» **How to complete this task**
The response must contain every line from the records below that has "realType".

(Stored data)
(* Let designer $j$ have a participation objective with threshold $\theta_j\in[0,1]$ and budget $T_j>0$, and fix arbitrary prize structures for the other designers. Then the maximum of $\hat R_j(x_{\vec w_j},x_{-j}^{-1},\theta_j)$ over feasible prize structures $\vec w_j$ is attained by a simple contest $\vec w_j^{(k^*,T_j)}$ for some $k^*\in[n]$. Moreover, letting $\phi^*:=\Phi_j^*(\theta_j;x_{\vec w_j^{(k^*,T_j)}},x_{-j}^{-1})$, this $k^*$ satisfies $k^*\in\arg\max_{k\in[n]}\xi_k(\phi^* )$.
   Context: Model. There are $m\ge1$ contests/designers with budgets $T_j$, and $n\ge2$ contestants. Prize structures. A feasible prize structure is $\vec w_j$ with $w_{j,1}\ge\dots\ge w_{j,n}\ge0$ and $\sum_kw_{j,k}\le T_j$. Contestants. Contestant quantiles $q_i$ are i.i.d. $U[0,1]$ with skill $v(q_i)$, where $v$ is strictly decreasing. Contestants choose a contest and an effort; they are ranked by effort within the contest, the rank-$k$ participant gets $w_{j,k}$, and utility is skill times prize minus effort. Interim allocation function. $x_{\vec w_j}(\phi)=x_j(\phi)=\sum_kw_{j,k}\binom{n-1}{k-1}\phi^{k-1}(1-\phi)^{n-k}$. Inverse notation. $x_j^{-1}(y):=\max\{\phi\in[0,1]:x_j(\phi)\ge y\}$ (and $0$ if $x_j(0)<y$); $x_{-j}^{-1}:=\sum_{j'\ne j}x_{j'}^{-1}$; $Q:=x_j^{-1}+x_{-j}^{-1}$; $Q^{-1}(q):=\sup\{y:Q(y)\ge q\}$. Selected equilibrium participation. $\Phi_j^*(q;x_j,x_{-j}^{-1})$ is the probability that a contestant has quantile $\le q$ and enters contest $j$. - It equals $x_j^{-1}(Q^{-1}(q))$ when $x_j$ is strictly decreasing. - When several contests have identical constant interim allocation functions with the maximal constant value, participants are divided equally among them. Precisely: if $M_1^*$ is that set, $x^*$ the common value, and $q^*=\min\{1,\sum_{j'\text{ strictly decreasing}}x_{j'}^{-1}(x^* )\}$, then each $j\in M_1^*$ has $\Phi_j^*(q)=\max\{0,q-q^*\}/|M_1^*|$. - Constant contests with smaller value get $\Phi_j^*\equiv0$. Participation objective. $\hat R_j(x_j,x_{-j}^{-1},\theta_j)=n\,\Phi_j^*(\theta_j;x_j,x_{-j}^{-1})$, the expected number of participants in contest $j$ with quantile $\le\theta_j$. Simple contests. $\vec w_j^{(k,T)}$ gives $T/k$ to each of ranks $1,\dots,k$ and $0$ to the rest. $\xi_k(\phi):=x_{\vec w^{(k,1)}}(\phi)=\frac1k\sum_{l=1}^k\binom{n-1}{l-1}\phi^{l-1}(1-\phi)^{n-l}$. *)

From HB Require Import structures.
From mathcomp Require Import all_boot all_order all_algebra.
From mathcomp Require Import all_classical all_reals all_analysis.
Set Implicit Arguments. Unset Strict Implicit. Unset Printing Implicit Defensive.
Import Order.TTheory GRing.Theory Num.Theory.
Local Open Scope ring_scope.

Local Open Scope classical_set_scope.
Local Open Scope ereal_scope.

(* Feasible prize structure w : ranks 1..n (encoded as 'I_n, rank = i+1):
   w_1 >= ... >= w_n >= 0 and sum <= T. *)
Definition feasible (R : realType) (n : nat) (T : R) (w : 'I_n -> R) : Prop :=
  (forall i k : 'I_n, (i <= k)%N -> w k <= w i)%R /\
  (forall i : 'I_n, 0 <= w i)%R /\ (\sum_(i < n) w i <= T)%R.

(* Interim allocation function x_w(phi)
   = sum_k w_k C(n-1,k-1) phi^(k-1) (1-phi)^(n-k), with k = i+1. *)
Definition xalloc (R : realType) (n : nat) (w : 'I_n -> R) (phi : R) : R :=
  (\sum_(i < n) w i * ('C(n.-1, i))%:R * phi ^+ i * (1 - phi) ^+ (n.-1 - i))%R.

Definition simple (R : realType) (n : nat) (T : R) (k : nat) : 'I_n -> R :=
  fun i => if (i < k)%N then (T / k%:R)%R else 0%R.

Definition xi (R : realType) (n : nat) (k : nat) : R -> R :=
  xalloc (@simple R n 1%R k).

(* x^{-1}(y) := max{phi in [0,1] : x(phi) >= y}, and 0 if x(0) < y.
   The argument y is an extended real (needed since Q^{-1}(0) = +oo).
   The max is written as the sup of the (closed, nonempty) set. *)
Definition xinv (R : realType) (x : R -> R) (y : \bar R) : R :=
  if (x 0%R)%:E < y then 0%R
  else sup [set phi : R | (0 <= phi <= 1)%R /\ y <= (x phi)%:E].

Definition sdec (R : realType) (f : R -> R) : Prop :=
  forall a b : R, (0 <= a)%R -> (a < b)%R -> (b <= 1)%R -> (f b < f a)%R.

Definition Qfun (R : realType) (m n : nat) (W : 'I_m -> 'I_n -> R) (y : R) : R :=
  (\sum_(j' < m) xinv (xalloc (W j')) y%:E)%R.

Definition Qinv (R : realType) (m n : nat) (W : 'I_m -> 'I_n -> R) (q : R) : \bar R :=
  ereal_sup [set y%:E | y in [set y : R | (q <= Qfun W y)%R]].

Definition Phi (R : realType) (m n : nat) (W : 'I_m -> 'I_n -> R) (j : 'I_m) (q : R) : R :=
  if `[< sdec (xalloc (W j)) >] then xinv (xalloc (W j)) (Qinv W q)
  else
    let c := fun j' => xalloc (W j') 0%R in
    let inM1 := fun j' : 'I_m =>
      ~~ `[< sdec (xalloc (W j')) >] &&
      `[< forall j'' : 'I_m, ~ sdec (xalloc (W j'')) -> (c j'' <= c j')%R >] in
    if inM1 j then
      let qs := Num.min 1%R
        (\sum_(j' < m | `[< sdec (xalloc (W j')) >]) xinv (xalloc (W j')) (c j)%:E)%R in
      (Num.max 0 (q - qs) / (#|[pred j' : 'I_m | inM1 j']|)%:R)%R
    else 0%R.

Definition upd (R : realType) (m n : nat) (W : 'I_m -> 'I_n -> R) (j : 'I_m)
  (w : 'I_n -> R) : 'I_m -> 'I_n -> R :=
  fun j' => if j' == j then w else W j'.

Definition Rhat (R : realType) (m n : nat) (W : 'I_m -> 'I_n -> R) (j : 'I_m) (theta : R) : R :=
  (n%:R * Phi W j theta)%R.
Arguments simple {R} n T k _.
Arguments xi {R} n k _.

From HB Require Import structures.
From mathcomp Require Import all_boot all_order all_algebra.
From mathcomp Require Import all_classical all_reals all_analysis.
From mathcomp.algebra_tactics Require Import ring lra.
Set Implicit Arguments. Unset Strict Implicit. Unset Printing Implicit Defensive.
Import Order.TTheory GRing.Theory Num.Theory.
Import numFieldNormedType.Exports.
Local Open Scope classical_set_scope.
Local Open Scope ring_scope.

(* Summation by parts writes the allocation function of a nonincreasing prize vector [w] as
     x_w(phi) = sum_k (w_k - w_(k+1)) * k * xi_k(phi),
   so x_w is constant or strictly decreasing, and x_w(phi) <= T_j * max_k xi_k(phi) whenever
   [w] is feasible.  On the other hand, designer j's participation is monotone in the value
   her allocation function takes at her current participation level phi: a challenger that
   allocates at least as much at phi attracts participation at least phi (four cases,
   according as incumbent and challenger are strictly decreasing or constant).  Hence the
   simple contest maximizing xi_k(phi) does at least as well as [w].  Applied to the best
   simple contest k1, with k* the least maximizer of xi_k at its participation level, this
   shows that k* is optimal and maximizes xi_k at its own participation level. *)

Section BinomialCdf.
Context {R : realFieldType}.
Implicit Types (a b p : R).

Definition bernstein (N i : nat) p : R := 'C(N, i)%:R * p ^+ i * (1 - p) ^+ (N - i).

(* [binom_cdf N r p] is the probability that a Binomial(N, p) variable is < r. *)
Definition binom_cdf (N r : nat) p : R := \sum_(i < r) bernstein N i p.

Lemma bernstein_ge0 N i p : 0 <= p <= 1 -> 0 <= bernstein N i p.
Proof.
move=> /andP[p0 p1]; rewrite /bernstein.
by rewrite !mulr_ge0 ?exprn_ge0 ?subr_ge0.
Qed.

Lemma bernsteinSS N i p :
  bernstein N.+1 i.+1 p = (1 - p) * bernstein N i.+1 p + p * bernstein N i p.
Proof.
rewrite /bernstein binS subSS natrD.
have [iN|Ni] := ltnP i N.
  rewrite -(subnSK iN) !exprS; ring.
rewrite bin_small ?ltnS // (_ : N - i = 0)%N; last by apply/eqP; rewrite subn_eq0.
rewrite !expr0 exprS; ring.
Qed.

Lemma binom_cdfSS N r p :
  binom_cdf N.+1 r.+1 p = (1 - p) * binom_cdf N r.+1 p + p * binom_cdf N r p.
Proof.
rewrite /binom_cdf big_ord_recl [X in _ = _ * X + _]big_ord_recl.
have -> : bernstein N.+1 0 p = (1 - p) * bernstein N 0 p.
  by rewrite /bernstein !bin0 !subn0 exprS; ring.
under eq_bigr do rewrite /bump /= bernsteinSS.
rewrite big_split /= -!mulr_sumr; ring.
Qed.

Lemma binom_cdfS N r p : binom_cdf N r.+1 p = binom_cdf N r p + bernstein N r p.
Proof. by rewrite /binom_cdf big_ord_recr. Qed.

» **Task response**
Definition feasible (R : realType) (n : nat) (T : R) (w : 'I_n -> R) : Prop :=
Definition xalloc (R : realType) (n : nat) (w : 'I_n -> R) (phi : R) : R :=
Definition simple (R : realType) (n : nat) (T : R) (k : nat) : 'I_n -> R :=
Definition xi (R : realType) (n : nat) (k : nat) : R -> R :=
Definition xinv (R : realType) (x : R -> R) (y : \bar R) : R :=
Definition sdec (R : realType) (f : R -> R) : Prop :=
Definition Qfun (R : realType) (m n : nat) (W : 'I_m -> 'I_n -> R) (y : R) : R :=
Definition Qinv (R : realType) (m n : nat) (W : 'I_m -> 'I_n -> R) (q : R) : \bar R :=
Definition Phi (R : realType) (m n : nat) (W : 'I_m -> 'I_n -> R) (j : 'I_m) (q : R) : R :=
Definition upd (R : realType) (m n : nat) (W : 'I_m -> 'I_n -> R) (j : 'I_m)
Definition Rhat (R : realType) (m n : nat) (W : 'I_m -> 'I_n -> R) (j : 'I_m) (theta : R) : R :=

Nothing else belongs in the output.